■ **YOUR GOAL**: From the listing below, output only the lines starting at the line that has "have parts_inj : injective parts." and ending at the line that has "move=> exy /independentP indJ disJ.", exactly as they appear, ends included.

= = = = =

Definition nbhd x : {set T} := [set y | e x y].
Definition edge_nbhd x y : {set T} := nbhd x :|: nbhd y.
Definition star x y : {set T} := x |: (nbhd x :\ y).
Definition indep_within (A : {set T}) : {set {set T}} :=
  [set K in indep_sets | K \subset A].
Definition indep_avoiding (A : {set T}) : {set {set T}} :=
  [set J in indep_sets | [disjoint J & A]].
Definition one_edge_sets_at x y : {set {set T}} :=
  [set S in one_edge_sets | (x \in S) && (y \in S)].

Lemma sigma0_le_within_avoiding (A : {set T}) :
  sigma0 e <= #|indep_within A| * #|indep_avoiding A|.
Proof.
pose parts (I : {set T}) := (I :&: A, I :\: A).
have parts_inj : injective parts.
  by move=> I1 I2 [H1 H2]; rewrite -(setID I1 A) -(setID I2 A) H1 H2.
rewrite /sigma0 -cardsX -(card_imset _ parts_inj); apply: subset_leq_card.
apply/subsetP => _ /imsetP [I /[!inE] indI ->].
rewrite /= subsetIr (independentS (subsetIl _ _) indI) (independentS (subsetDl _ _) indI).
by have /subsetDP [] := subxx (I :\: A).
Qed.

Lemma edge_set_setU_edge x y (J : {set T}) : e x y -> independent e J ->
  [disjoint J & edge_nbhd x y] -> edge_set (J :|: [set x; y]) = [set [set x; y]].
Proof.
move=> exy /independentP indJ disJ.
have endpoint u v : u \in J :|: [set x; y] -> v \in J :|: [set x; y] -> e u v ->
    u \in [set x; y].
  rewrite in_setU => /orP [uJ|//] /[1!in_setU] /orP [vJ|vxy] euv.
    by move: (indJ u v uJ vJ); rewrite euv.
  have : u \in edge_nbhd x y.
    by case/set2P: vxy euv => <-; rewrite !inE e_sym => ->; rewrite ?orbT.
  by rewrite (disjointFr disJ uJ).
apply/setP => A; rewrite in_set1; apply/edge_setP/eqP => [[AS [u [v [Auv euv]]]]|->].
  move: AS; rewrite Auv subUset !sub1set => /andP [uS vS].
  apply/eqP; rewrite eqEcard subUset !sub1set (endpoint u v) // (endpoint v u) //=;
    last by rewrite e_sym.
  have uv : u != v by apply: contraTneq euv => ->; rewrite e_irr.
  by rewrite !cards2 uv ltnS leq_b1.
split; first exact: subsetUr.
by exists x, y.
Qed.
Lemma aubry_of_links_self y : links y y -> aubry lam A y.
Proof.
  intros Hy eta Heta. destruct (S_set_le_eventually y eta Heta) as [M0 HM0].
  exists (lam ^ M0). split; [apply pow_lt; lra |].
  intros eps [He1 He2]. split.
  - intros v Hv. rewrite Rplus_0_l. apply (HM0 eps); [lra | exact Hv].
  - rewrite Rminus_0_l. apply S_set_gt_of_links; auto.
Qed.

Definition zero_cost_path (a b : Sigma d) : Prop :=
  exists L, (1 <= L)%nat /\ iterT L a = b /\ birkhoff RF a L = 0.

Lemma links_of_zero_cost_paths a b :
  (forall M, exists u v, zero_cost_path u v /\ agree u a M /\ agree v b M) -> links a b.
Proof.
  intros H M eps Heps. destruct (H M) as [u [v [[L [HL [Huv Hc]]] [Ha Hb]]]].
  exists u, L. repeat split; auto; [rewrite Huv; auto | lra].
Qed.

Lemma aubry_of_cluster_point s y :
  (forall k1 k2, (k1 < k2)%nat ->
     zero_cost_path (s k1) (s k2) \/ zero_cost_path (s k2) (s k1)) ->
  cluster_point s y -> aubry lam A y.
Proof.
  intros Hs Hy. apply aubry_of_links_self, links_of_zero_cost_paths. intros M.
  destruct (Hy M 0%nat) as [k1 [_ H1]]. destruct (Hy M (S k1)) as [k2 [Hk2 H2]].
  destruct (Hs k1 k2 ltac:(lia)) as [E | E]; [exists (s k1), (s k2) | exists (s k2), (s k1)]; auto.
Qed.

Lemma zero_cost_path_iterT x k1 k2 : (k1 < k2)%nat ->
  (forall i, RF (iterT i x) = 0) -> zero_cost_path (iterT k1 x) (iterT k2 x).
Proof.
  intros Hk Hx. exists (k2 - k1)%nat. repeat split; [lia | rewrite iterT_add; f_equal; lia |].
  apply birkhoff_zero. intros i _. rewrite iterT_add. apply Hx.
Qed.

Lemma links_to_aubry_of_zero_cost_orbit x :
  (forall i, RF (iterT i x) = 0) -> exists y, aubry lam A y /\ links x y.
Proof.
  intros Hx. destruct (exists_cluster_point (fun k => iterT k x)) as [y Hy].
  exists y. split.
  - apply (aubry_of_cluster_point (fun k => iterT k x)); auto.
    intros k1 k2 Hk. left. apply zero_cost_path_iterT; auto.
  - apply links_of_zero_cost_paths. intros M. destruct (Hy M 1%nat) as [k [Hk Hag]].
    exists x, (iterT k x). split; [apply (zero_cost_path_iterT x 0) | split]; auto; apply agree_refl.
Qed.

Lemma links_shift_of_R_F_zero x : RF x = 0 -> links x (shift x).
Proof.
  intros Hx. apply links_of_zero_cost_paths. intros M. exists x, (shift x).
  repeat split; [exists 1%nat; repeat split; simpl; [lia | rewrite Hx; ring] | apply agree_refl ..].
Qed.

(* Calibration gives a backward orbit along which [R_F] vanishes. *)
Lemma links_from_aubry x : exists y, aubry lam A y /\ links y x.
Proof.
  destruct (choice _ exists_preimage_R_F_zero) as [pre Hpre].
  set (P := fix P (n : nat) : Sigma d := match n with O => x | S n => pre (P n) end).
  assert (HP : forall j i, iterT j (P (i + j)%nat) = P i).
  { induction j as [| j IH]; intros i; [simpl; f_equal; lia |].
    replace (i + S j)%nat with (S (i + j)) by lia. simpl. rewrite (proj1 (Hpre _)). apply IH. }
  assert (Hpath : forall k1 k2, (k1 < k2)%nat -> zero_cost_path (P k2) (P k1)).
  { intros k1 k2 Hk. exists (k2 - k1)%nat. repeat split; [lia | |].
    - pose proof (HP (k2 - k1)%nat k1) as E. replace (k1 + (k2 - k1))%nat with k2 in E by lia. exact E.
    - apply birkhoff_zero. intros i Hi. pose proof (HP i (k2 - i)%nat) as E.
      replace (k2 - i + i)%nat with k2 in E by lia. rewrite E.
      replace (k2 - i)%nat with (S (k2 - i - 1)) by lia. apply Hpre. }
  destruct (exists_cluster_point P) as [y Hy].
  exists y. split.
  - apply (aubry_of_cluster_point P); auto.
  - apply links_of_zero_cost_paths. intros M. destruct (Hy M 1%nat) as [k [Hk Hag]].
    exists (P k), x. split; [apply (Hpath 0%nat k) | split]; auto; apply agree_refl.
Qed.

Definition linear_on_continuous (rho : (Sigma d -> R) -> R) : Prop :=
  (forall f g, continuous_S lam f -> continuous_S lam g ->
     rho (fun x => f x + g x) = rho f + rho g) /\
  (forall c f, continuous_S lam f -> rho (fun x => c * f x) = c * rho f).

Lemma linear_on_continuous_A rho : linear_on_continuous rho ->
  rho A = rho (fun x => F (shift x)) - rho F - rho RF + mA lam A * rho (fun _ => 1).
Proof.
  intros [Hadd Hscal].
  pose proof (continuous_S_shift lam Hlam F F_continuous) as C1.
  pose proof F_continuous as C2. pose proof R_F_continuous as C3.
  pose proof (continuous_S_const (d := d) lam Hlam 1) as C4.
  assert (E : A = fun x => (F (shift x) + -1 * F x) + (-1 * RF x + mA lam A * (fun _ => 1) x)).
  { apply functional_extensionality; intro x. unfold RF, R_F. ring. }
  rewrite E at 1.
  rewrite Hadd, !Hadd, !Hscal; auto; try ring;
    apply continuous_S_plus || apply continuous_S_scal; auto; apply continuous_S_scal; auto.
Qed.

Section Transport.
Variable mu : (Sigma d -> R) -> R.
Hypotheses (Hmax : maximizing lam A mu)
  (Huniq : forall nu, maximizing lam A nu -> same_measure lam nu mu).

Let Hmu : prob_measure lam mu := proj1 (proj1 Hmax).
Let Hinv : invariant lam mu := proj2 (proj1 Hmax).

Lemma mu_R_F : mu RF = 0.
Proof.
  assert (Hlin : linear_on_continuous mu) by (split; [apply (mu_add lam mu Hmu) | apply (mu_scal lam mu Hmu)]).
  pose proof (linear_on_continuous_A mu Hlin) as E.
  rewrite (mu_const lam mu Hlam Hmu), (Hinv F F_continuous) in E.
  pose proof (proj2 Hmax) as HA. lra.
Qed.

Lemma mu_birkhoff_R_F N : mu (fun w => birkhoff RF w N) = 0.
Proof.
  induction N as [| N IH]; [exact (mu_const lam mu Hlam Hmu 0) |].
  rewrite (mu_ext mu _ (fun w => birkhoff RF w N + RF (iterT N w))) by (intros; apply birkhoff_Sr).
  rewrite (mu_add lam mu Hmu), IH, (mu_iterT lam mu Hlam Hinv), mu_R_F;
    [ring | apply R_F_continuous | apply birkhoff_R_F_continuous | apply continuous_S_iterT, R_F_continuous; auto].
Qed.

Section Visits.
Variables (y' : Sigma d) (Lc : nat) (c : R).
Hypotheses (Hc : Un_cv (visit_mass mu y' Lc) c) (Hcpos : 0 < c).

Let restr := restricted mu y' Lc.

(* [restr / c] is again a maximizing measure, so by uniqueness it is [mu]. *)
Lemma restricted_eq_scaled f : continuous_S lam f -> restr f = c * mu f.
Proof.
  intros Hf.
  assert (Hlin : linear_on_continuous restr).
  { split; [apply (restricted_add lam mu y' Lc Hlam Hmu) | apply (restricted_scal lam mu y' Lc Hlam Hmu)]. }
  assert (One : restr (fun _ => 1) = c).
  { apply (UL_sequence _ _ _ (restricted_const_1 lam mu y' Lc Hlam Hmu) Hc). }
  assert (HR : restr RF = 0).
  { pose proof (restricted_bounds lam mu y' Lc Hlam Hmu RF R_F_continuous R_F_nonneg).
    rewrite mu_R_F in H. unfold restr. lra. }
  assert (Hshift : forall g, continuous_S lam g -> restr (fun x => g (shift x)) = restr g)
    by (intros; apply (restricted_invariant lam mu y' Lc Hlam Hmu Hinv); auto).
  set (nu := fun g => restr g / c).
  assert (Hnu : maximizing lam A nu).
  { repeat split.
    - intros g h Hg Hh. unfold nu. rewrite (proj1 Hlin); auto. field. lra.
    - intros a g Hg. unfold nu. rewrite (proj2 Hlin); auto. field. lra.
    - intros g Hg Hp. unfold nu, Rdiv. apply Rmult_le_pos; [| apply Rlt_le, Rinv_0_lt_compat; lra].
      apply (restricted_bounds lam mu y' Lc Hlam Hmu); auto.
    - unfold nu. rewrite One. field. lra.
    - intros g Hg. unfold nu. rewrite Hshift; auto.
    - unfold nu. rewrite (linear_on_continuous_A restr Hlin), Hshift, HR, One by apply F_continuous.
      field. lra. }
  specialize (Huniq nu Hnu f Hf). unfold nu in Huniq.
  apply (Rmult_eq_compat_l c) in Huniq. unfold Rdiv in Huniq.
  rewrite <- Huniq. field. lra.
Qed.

= = = = =

■ **EXPECTED OUTPUT**:
have parts_inj : injective parts.
  by move=> I1 I2 [H1 H2]; rewrite -(setID I1 A) -(setID I2 A) H1 H2.
rewrite /sigma0 -cardsX -(card_imset _ parts_inj); apply: subset_leq_card.
apply/subsetP => _ /imsetP [I /[!inE] indI ->].
rewrite /= subsetIr (independentS (subsetIl _ _) indI) (independentS (subsetDl _ _) indI).
by have /subsetDP [] := subxx (I :\: A).
Qed.

Lemma edge_set_setU_edge x y (J : {set T}) : e x y -> independent e J ->
  [disjoint J & edge_nbhd x y] -> edge_set (J :|: [set x; y]) = [set [set x; y]].
Proof.
move=> exy /independentP indJ disJ.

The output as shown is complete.